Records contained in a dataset

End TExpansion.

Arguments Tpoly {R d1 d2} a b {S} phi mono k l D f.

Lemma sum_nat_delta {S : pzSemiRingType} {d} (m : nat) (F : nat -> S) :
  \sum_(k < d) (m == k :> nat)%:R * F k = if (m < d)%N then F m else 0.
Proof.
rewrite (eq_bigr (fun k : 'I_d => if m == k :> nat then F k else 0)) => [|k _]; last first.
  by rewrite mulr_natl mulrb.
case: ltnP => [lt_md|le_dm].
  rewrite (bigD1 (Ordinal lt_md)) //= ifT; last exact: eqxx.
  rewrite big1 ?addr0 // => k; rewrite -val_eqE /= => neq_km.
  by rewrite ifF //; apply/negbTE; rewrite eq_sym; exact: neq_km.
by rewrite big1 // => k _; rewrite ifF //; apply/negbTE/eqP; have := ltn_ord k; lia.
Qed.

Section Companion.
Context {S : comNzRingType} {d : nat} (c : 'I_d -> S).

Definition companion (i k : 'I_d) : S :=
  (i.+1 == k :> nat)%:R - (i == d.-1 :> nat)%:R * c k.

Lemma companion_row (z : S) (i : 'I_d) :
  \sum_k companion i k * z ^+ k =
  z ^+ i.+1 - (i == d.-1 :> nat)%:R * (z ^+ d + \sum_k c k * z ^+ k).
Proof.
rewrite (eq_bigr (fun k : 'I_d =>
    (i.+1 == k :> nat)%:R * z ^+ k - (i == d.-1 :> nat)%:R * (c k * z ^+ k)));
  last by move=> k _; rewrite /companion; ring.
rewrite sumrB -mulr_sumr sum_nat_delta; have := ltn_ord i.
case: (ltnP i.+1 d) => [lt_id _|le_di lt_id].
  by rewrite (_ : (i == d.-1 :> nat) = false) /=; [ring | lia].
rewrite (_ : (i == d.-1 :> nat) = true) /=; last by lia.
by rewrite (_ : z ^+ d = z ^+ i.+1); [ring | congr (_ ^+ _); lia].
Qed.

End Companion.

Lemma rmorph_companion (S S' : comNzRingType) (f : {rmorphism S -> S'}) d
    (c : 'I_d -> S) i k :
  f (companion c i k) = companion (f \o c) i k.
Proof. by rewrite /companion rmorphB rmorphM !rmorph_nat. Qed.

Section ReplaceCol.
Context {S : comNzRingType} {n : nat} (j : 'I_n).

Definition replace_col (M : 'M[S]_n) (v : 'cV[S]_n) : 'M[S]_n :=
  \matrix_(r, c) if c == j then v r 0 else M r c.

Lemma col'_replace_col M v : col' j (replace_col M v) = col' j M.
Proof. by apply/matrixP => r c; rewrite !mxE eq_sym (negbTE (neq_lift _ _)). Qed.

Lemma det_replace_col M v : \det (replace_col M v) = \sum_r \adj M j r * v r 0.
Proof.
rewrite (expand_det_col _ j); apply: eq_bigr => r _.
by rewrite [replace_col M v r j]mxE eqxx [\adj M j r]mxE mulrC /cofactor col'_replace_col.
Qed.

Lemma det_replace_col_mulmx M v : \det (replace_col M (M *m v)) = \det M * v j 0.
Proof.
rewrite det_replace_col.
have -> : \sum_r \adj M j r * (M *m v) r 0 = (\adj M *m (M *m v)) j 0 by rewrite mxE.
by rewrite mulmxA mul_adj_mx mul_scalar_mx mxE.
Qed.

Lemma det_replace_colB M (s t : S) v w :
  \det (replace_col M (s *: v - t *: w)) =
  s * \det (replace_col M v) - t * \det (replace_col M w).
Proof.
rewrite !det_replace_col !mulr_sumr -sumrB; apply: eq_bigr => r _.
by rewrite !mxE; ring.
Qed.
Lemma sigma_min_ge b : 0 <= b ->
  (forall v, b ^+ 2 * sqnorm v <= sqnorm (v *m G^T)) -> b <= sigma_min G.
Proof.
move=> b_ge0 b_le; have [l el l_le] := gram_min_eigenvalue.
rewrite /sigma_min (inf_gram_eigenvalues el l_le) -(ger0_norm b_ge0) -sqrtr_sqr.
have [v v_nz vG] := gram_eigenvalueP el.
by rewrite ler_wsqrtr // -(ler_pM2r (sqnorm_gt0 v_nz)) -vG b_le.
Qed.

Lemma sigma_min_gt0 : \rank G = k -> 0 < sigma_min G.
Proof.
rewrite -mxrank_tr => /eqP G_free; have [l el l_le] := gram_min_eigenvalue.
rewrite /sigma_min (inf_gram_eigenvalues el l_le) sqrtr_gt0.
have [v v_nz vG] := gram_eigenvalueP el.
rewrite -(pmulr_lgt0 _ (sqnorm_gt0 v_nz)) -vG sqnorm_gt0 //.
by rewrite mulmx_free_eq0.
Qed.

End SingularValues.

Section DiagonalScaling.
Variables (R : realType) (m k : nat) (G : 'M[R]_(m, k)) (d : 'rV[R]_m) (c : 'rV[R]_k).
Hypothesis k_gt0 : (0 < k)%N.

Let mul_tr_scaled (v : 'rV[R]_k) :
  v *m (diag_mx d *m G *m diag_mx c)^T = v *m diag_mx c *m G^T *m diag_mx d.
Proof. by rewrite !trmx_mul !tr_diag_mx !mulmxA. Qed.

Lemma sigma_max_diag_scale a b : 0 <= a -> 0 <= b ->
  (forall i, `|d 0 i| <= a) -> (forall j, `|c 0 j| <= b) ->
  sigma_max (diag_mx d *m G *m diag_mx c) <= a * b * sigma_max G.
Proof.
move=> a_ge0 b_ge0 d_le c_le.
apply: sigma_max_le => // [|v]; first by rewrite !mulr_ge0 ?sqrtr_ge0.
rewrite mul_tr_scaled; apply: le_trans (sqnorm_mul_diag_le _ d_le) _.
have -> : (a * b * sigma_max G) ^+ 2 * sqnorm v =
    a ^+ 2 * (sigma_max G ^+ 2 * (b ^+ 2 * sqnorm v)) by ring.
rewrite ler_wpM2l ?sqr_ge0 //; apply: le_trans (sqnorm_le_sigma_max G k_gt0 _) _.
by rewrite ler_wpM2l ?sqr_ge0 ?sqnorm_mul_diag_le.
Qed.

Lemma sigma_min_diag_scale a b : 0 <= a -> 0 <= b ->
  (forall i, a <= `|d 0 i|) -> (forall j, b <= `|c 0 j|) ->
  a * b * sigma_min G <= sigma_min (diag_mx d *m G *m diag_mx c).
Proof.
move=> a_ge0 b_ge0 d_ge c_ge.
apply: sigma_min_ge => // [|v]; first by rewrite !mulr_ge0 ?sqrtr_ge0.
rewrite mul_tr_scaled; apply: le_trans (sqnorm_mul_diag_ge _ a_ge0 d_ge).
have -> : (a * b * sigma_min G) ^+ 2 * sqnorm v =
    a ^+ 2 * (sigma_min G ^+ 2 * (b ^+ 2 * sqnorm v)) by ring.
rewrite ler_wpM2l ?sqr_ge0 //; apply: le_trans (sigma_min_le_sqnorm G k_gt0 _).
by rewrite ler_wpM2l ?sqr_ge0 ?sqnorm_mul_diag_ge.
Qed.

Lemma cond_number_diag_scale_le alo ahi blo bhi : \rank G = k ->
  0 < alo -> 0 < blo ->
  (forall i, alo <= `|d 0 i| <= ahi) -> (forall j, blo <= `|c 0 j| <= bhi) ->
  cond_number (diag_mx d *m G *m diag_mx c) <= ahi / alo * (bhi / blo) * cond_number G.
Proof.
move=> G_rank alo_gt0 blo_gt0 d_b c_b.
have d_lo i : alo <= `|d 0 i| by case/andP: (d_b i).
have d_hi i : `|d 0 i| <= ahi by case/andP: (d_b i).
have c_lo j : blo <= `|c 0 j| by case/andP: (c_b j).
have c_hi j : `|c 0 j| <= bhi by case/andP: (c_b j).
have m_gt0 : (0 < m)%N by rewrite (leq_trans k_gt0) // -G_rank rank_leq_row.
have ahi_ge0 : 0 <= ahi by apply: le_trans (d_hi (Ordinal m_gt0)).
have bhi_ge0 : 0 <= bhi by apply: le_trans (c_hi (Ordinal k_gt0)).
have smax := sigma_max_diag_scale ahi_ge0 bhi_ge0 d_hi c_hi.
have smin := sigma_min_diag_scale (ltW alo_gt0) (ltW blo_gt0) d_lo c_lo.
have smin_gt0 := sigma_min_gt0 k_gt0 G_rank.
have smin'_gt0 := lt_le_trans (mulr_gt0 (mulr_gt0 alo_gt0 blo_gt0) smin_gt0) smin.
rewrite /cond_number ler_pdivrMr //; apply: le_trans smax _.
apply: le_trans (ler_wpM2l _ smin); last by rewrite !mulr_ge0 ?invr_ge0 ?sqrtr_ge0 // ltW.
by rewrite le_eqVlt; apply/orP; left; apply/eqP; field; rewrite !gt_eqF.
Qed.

» **Work instruction**
The answer consists of every line above in which the word "negbTE" occurs.

» **Output of the exercise**
  by rewrite ifF //; apply/negbTE; rewrite eq_sym; exact: neq_km.
by rewrite big1 // => k _; rewrite ifF //; apply/negbTE/eqP; have := ltn_ord k; lia.
Proof. by apply/matrixP => r c; rewrite !mxE eq_sym (negbTE (neq_lift _ _)). Qed.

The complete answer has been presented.